In this example we are going to walk through how you can maintain a limit order book in real-time with very little extra infrastructure with Bytewax.

We are going to:

  • Use websockets to connect to an exchange (coinbase)
  • Setup an order book using a snapshot
  • Update the order book in real-time
  • Use algorithms to trade crypto currencies and profit. Just kidding, this is left to an exercise for the reader.
Skill level: Intermediate Time to complete: 15-30 min

Prerequisities

Python modules bytewax==0.16.* websocket-client

Your takeaway

At the end of this tutorial users will understand how to use Bytewax to analyze financial exchange data by connecting to a websocket and using Bytewax operators to maintain an order book and analyzing the orders.

Concepts

To start off, we are going to diverge into some concepts around markets, exchanges and orders.

Order Book


A Limit Order Book, or just Order Book is a record of all limit orders that are made. A limit order is an order to buy (bid) or sell (ask) an asset for a given price. This could facilitate the exchange of dollars for shares or, as in our case, they could be orders to exchange crypto currencies. On exchanges, the limit order book is constantly changing as orders are placed every fraction of a second. The order book can give a trader insight into the market, whether they are looking to determine liquidity, to create liquidity, design a trading algorithm or maybe determine when bad actors are trying to manipulate the market.

Bid and Ask


In the order book, the ask price is the lowest price that a seller is willing to sell at and the bid price is the highest price that a buyer is willing to buy at. A limit order is different than a market order in that the limit order can be placed with generally 4 dimensions, the direction (buy/sell), the size, the price and the duration (time to expire). A market order, in comparison, has 2 dimensions, the direction and the size. It is up to the exchange to fill a market order and it is filled via what is available in the order book.

Level 2 Data


An exchange will generally offer a few different tiers of information that traders can subscribe to. These can be quite expensive for some exchanges, but luckily for us, most crypto exchanges provide access to the various levels for free! For maintaining our order book we are going to need at least level2 order information. This gives us granularity of each limit order so that we can adjust the book in real-time. Without the ability to maintain our own order book, the snapshot would get almost instantly out of date and we would not be able to act with perfect information. We would have to download the order book every millisecond, or faster, to stay up to date and since the order book can be quite large, this isn't really feasible.
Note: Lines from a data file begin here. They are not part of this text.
(* Let $G$ be a group satisfying the property $\mathsf{FM}$ and $\nu$ a conjugation-invariant pseudo-norm on $G$. For any elements $g_1,\dots,g_k\in G$ and real numbers $\lambda,s_1,\dots,s_k$, \[ \lim_{n\to\infty}\frac1n\,\nu\big(g_1^{[\lambda s_1n]}\cdots g_k^{[\lambda s_kn]}\big)=|\lambda|\lim_{n\to\infty}\frac1n\,\nu\big(g_1^{[s_1n]}\cdots g_k^{[s_kn]}\big), \] where $[\cdot]$ denotes the integer part.
   Context: A conjugation-invariant pseudo-norm on a group $G$ is a function $\nu\colon G\to\mathbb{R}_{\ge0}$ with $\nu(1)=0$, $\nu(f)=\nu(f^{-1})$, $\nu(fg)\le\nu(f)+\nu(g)$ and $\nu(gfg^{-1})=\nu(f)$ for all $f,g\in G$. Property $\mathsf{FM}$: for a subgroup $H\le G$, let $\nu_H(f)$ be the minimal $k$ such that $f=g_1h_1g_1^{-1}\cdots g_kh_kg_k^{-1}$ ($g_i\in G,h_i\in H$), $\infty$ if none; for $K\subset G$ let $\mathrm{D}^f_H(K)$ be the set of $h_0\in G$ such that for all $g_1,\dots,g_k\in G$ there is $h\in G$ with every element of $hh_0h^{-1}K(hh_0h^{-1})^{-1}$ commuting with every element of $\bigcup_i g_iHg_i^{-1}$. $(G,H)$ satisfies $\mathsf{FM}$ if $\nu_H<\infty$ on $G$ and $\mathrm{D}^f_H(h_1Hh_1^{-1}\cup\dots\cup h_kHh_k^{-1})\ne\emptyset$ for all $h_1,\dots,h_k\in G$; $G$ satisfies $\mathsf{FM}$ if some $(G,H)$ does. *)

From Stdlib Require Import Reals ZArith List.
Open Scope R_scope.

Record Group := {
  carrier :> Type;
  gmul : carrier -> carrier -> carrier;
  ginv : carrier -> carrier;
  gone : carrier;
  gmulA : forall x y z, gmul x (gmul y z) = gmul (gmul x y) z;
  gmul1l : forall x, gmul gone x = x;
  gmul1r : forall x, gmul x gone = x;
  gmulVl : forall x, gmul (ginv x) x = gone;
  gmulVr : forall x, gmul x (ginv x) = gone
}.

Arguments gmul {g}.
Arguments ginv {g}.
Arguments gone {g}.

Section GroupDefs.
Variable G : Group.

Definition gconj (g h : G) : G := gmul (gmul g h) (ginv g).

Fixpoint gpow_nat (x : G) (n : nat) : G :=
  match n with O => gone | S m => gmul x (gpow_nat x m) end.

Definition gpow (x : G) (z : Z) : G :=
  match z with
  | Z0 => gone
  | Zpos p => gpow_nat x (Pos.to_nat p)
  | Zneg p => gpow_nat (ginv x) (Pos.to_nat p)
  end.

Fixpoint prod_list (l : list G) : G :=
  match l with nil => gone | x :: l' => gmul x (prod_list l') end.

Definition gcommute (x y : G) : Prop := gmul x y = gmul y x.

Definition conj_inv_pseudo_norm (nu : G -> R) : Prop :=
  (forall f, 0 <= nu f) /\
  nu gone = 0 /\
  (forall f, nu f = nu (ginv f)) /\
  (forall f g, nu (gmul f g) <= nu f + nu g) /\
  (forall f g, nu (gconj g f) = nu f).

Definition subgroup (H : G -> Prop) : Prop :=
  H gone /\ (forall x y, H x -> H y -> H (gmul x y)) /\ (forall x, H x -> H (ginv x)).

(* f = g_1 h_1 g_1^{-1} ... g_k h_k g_k^{-1} with h_i in H, i.e. nu_H(f) < oo *)
Definition nuH_finite_at (H : G -> Prop) (f : G) : Prop :=
  exists l : list (G * G),
    Forall (fun p => H (snd p)) l /\
    f = prod_list (map (fun p => gconj (fst p) (snd p)) l).

Definition in_conj_union (H : G -> Prop) (gs : list G) (x : G) : Prop :=
  exists g, In g gs /\ exists z, H z /\ x = gconj g z.

Definition in_Df (H : G -> Prop) (K : G -> Prop) (h0 : G) : Prop :=
  forall gs : list G, exists h : G,
    forall x, K x -> forall y, in_conj_union H gs y ->
      gcommute (gconj (gconj h h0) x) y.

Definition FM_pair (H : G -> Prop) : Prop :=
  subgroup H /\
  (forall f, nuH_finite_at H f) /\
  (forall hs : list G, exists h0, in_Df H (in_conj_union H hs) h0).

Definition FM : Prop := exists H, FM_pair H.

End GroupDefs.

Arguments gpow {G}.
Arguments prod_list {G}.

(* By FM, every g_i is a product of conjugates of elements of H, and elements of D^f_H provide
   conjugators psi_i such that the conjugates psi_i g_i psi_i^-1 commute pairwise.  Since nu is
   conjugation invariant, conjugating the factors changes nu of the product only by a bounded
   amount.  For commuting factors, F(x) = nu(prod g_i^[s_i x]) is subadditive, Lipschitz and even
   up to additive constants, so by a Fekete-type argument F(x)/x tends to a slope L as x -> +oo
   and F(lam n)/n tends to |lam| L. *)

From Stdlib Require Import Reals ZArith List Lra Lia Classical.
Open Scope R_scope.

Section GroupAlgebra.
Variable G : Group.

Lemma gmul_cancel_l (a x y : G) : gmul a x = gmul a y -> x = y.
Proof.
  intro H. rewrite <- (gmul1l G x), <- (gmul1l G y), <- (gmulVl G a).
  rewrite <- !gmulA, H. reflexivity.
Qed.

Lemma gmulVK (x y : G) : gmul (ginv x) (gmul x y) = y.
Proof. rewrite gmulA, gmulVl, gmul1l. reflexivity. Qed.

Lemma ginv_unique (x y : G) : gmul x y = gone -> y = ginv x.
Proof. intro H. apply (gmul_cancel_l x). rewrite H, gmulVr. reflexivity. Qed.

Lemma ginv_mul (x y : G) : ginv (gmul x y) = gmul (ginv y) (ginv x).
Proof.
  symmetry. apply ginv_unique.
  rewrite gmulA, <- (gmulA G x y), gmulVr, gmul1r, gmulVr. reflexivity.
Qed.

Lemma gpow_nat_succ_r (x : G) n : gpow_nat G x (S n) = gmul (gpow_nat G x n) x.
Proof.
  induction n; simpl.
  - rewrite gmul1r, gmul1l. reflexivity.
  - simpl in IHn. rewrite <- gmulA, <- IHn. reflexivity.
Qed.

Lemma gpow_nonneg (x : G) z : (0 <= z)%Z -> gpow x z = gpow_nat G x (Z.to_nat z).
Proof. intro H; destruct z; simpl; try reflexivity. lia. Qed.

Lemma gpow_nonpos (x : G) z : (z <= 0)%Z -> gpow x z = gpow_nat G (ginv x) (Z.to_nat (- z)).
Proof. intro H; destruct z; simpl; try reflexivity. lia. Qed.

Lemma gpow_succ (x : G) z : gpow x (z + 1) = gmul (gpow x z) x.
Proof.
  destruct (Z_le_gt_dec 0 z) as [Hz|Hz].
  - rewrite !gpow_nonneg by lia. replace (Z.to_nat (z + 1)) with (S (Z.to_nat z)) by lia.
    apply gpow_nat_succ_r.
  - rewrite !gpow_nonpos by lia.
    replace (Z.to_nat (- z)) with (S (Z.to_nat (- (z + 1)))) by lia.
    rewrite gpow_nat_succ_r, <- gmulA, gmulVl, gmul1r. reflexivity.
Qed.

Lemma gpow_pred (x : G) z : gpow x (z - 1) = gmul (gpow x z) (ginv x).
Proof.
  replace z with ((z - 1) + 1)%Z at 2 by ring.
  rewrite gpow_succ, <- gmulA, gmulVr, gmul1r. reflexivity.
Qed.

Lemma gpow_add (x : G) a b : gpow x (a + b) = gmul (gpow x a) (gpow x b).
Proof.
  induction b using Z.peano_ind.
  - rewrite Z.add_0_r. simpl. rewrite gmul1r. reflexivity.
  - replace (a + Z.succ b)%Z with ((a + b) + 1)%Z by lia. unfold Z.succ.
    rewrite !gpow_succ, IHb, gmulA. reflexivity.
  - replace (a + Z.pred b)%Z with ((a + b) - 1)%Z by lia. unfold Z.pred.
    replace (b + -1)%Z with (b - 1)%Z by lia.
    rewrite !gpow_pred, IHb, gmulA. reflexivity.
Qed.

Lemma gconj_mul (c x y : G) : gconj G c (gmul x y) = gmul (gconj G c x) (gconj G c y).
Proof.
  unfold gconj. rewrite !gmulA. f_equal. f_equal.
  rewrite <- (gmulA G _ (ginv c) c), gmulVl, gmul1r. reflexivity.
Qed.

Lemma gconj_one (c : G) : gconj G c gone = gone.
Proof. unfold gconj. rewrite gmul1r, gmulVr. reflexivity. Qed.

Lemma gconj_inv (c x : G) : gconj G c (ginv x) = ginv (gconj G c x).
Proof. apply ginv_unique. rewrite <- gconj_mul, gmulVr. apply gconj_one. Qed.

Lemma gconj_pow_nat (c x : G) n : gpow_nat G (gconj G c x) n = gconj G c (gpow_nat G x n).
Proof.
  induction n; simpl.
  - now rewrite gconj_one.
  - now rewrite IHn, gconj_mul.
Qed.

Lemma gconj_pow (c x : G) z : gpow (gconj G c x) z = gconj G c (gpow x z).
Proof.
  destruct z; simpl.
  - now rewrite gconj_one.
  - apply gconj_pow_nat.
  - rewrite <- gconj_inv. apply gconj_pow_nat.
Qed.

Lemma gconj_conj (a b x : G) : gconj G a (gconj G b x) = gconj G (gmul a b) x.
Proof. unfold gconj. rewrite ginv_mul, !gmulA. reflexivity. Qed.

Lemma gconj_prod (c : G) l : gconj G c (prod_list l) = prod_list (map (gconj G c) l).
Proof.
  induction l; simpl.
  - apply gconj_one.
  - now rewrite gconj_mul, IHl.
Qed.

Lemma gcommute_sym (x y : G) : gcommute G x y -> gcommute G y x.
Proof. unfold gcommute; auto. Qed.

Lemma gcommute_one (z : G) : gcommute G gone z.
Proof. unfold gcommute. rewrite gmul1l, gmul1r. reflexivity. Qed.

Lemma gcommute_mul (x y z : G) :
  gcommute G x z -> gcommute G y z -> gcommute G (gmul x y) z.
Proof.
  unfold gcommute; intros Hx Hy. rewrite <- gmulA, Hy, gmulA, Hx, gmulA. reflexivity.
Qed.

Lemma gcommute_inv (x z : G) : gcommute G x z -> gcommute G (ginv x) z.
Proof.
  unfold gcommute; intro H. apply (gmul_cancel_l x).
  rewrite !gmulA, gmulVr, gmul1l, H, <- gmulA, gmulVr, gmul1r. reflexivity.
Qed.

Lemma gcommute_pow_l (x z : G) a : gcommute G x z -> gcommute G (gpow x a) z.
Proof.
  assert (Hnat : forall y n, gcommute G y z -> gcommute G (gpow_nat G y n) z).
  { intros y n Hy; induction n; simpl; [apply gcommute_one | apply gcommute_mul; auto]. }
  intro H; destruct a; simpl.
  - apply gcommute_one.
  - now apply Hnat.
  - apply Hnat, gcommute_inv, H.
Qed.

Lemma gcommute_pow (x z : G) a b : gcommute G x z -> gcommute G (gpow x a) (gpow z b).
Proof. intro H. apply gcommute_pow_l, gcommute_sym, gcommute_pow_l, gcommute_sym, H. Qed.

Lemma gcommute_prod (l : list G) (z : G) :
  (forall y, In y l -> gcommute G y z) -> gcommute G (prod_list l) z.
Proof.
  induction l; simpl; intro H.
  - apply gcommute_one.
  - apply gcommute_mul; auto.
Qed.

End GroupAlgebra.

Lemma Rabs_le_inv (a b : R) : Rabs a <= b -> - b <= a <= b.
Proof. intro H. pose proof (Rle_abs a). pose proof (Rle_abs (- a)). rewrite Rabs_Ropp in *. lra. Qed.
Alright, let's get started!

Websocket Input

We are going to eventually create a cluster of dataflows where we could have multiple currency pairs running in parallel on different workers. To start, we will build a websocket input class will be able to handle multiple workers. To do so, we'll create a subclass of the Bytewax StatelessSource. In our __init__ function, we connect to the coinbase pro websocket at (wss://ws-feed.pro.coinbase.com) using Python websocket library to create a connection. Once connected we can send a message to the websocket subscribing to the product_ids we were intialized with (pairs of currencies - USD-BTC for this example) and channels (level2 order book data). Finally since we know there will be some sort of acknowledgement message we can grab that with ws.recv() and print it out.

Now that we have our websocket based data generator built, we will our dataflow. Since we're using a StatelessSource, we'll create a DynamicInput subclass called CoinbaseInput. An instance of CoinbaseInput will be constructed on each worker. In the build method, we receive information about which worker we are: worker_index and the total number of workers (worker_count). We have added some custom code in order to distribute the currency pairs with the logic. It should be noted that if you run more than one worker with only one currency pair, the other workers will not be used.

Constructing The Dataflow

Before we get to the exciting part of our order book dataflow, we need to create our Dataflow object and prep the data. We'll start with creating an empty Dataflow object and add the CoinbaseSource we created above.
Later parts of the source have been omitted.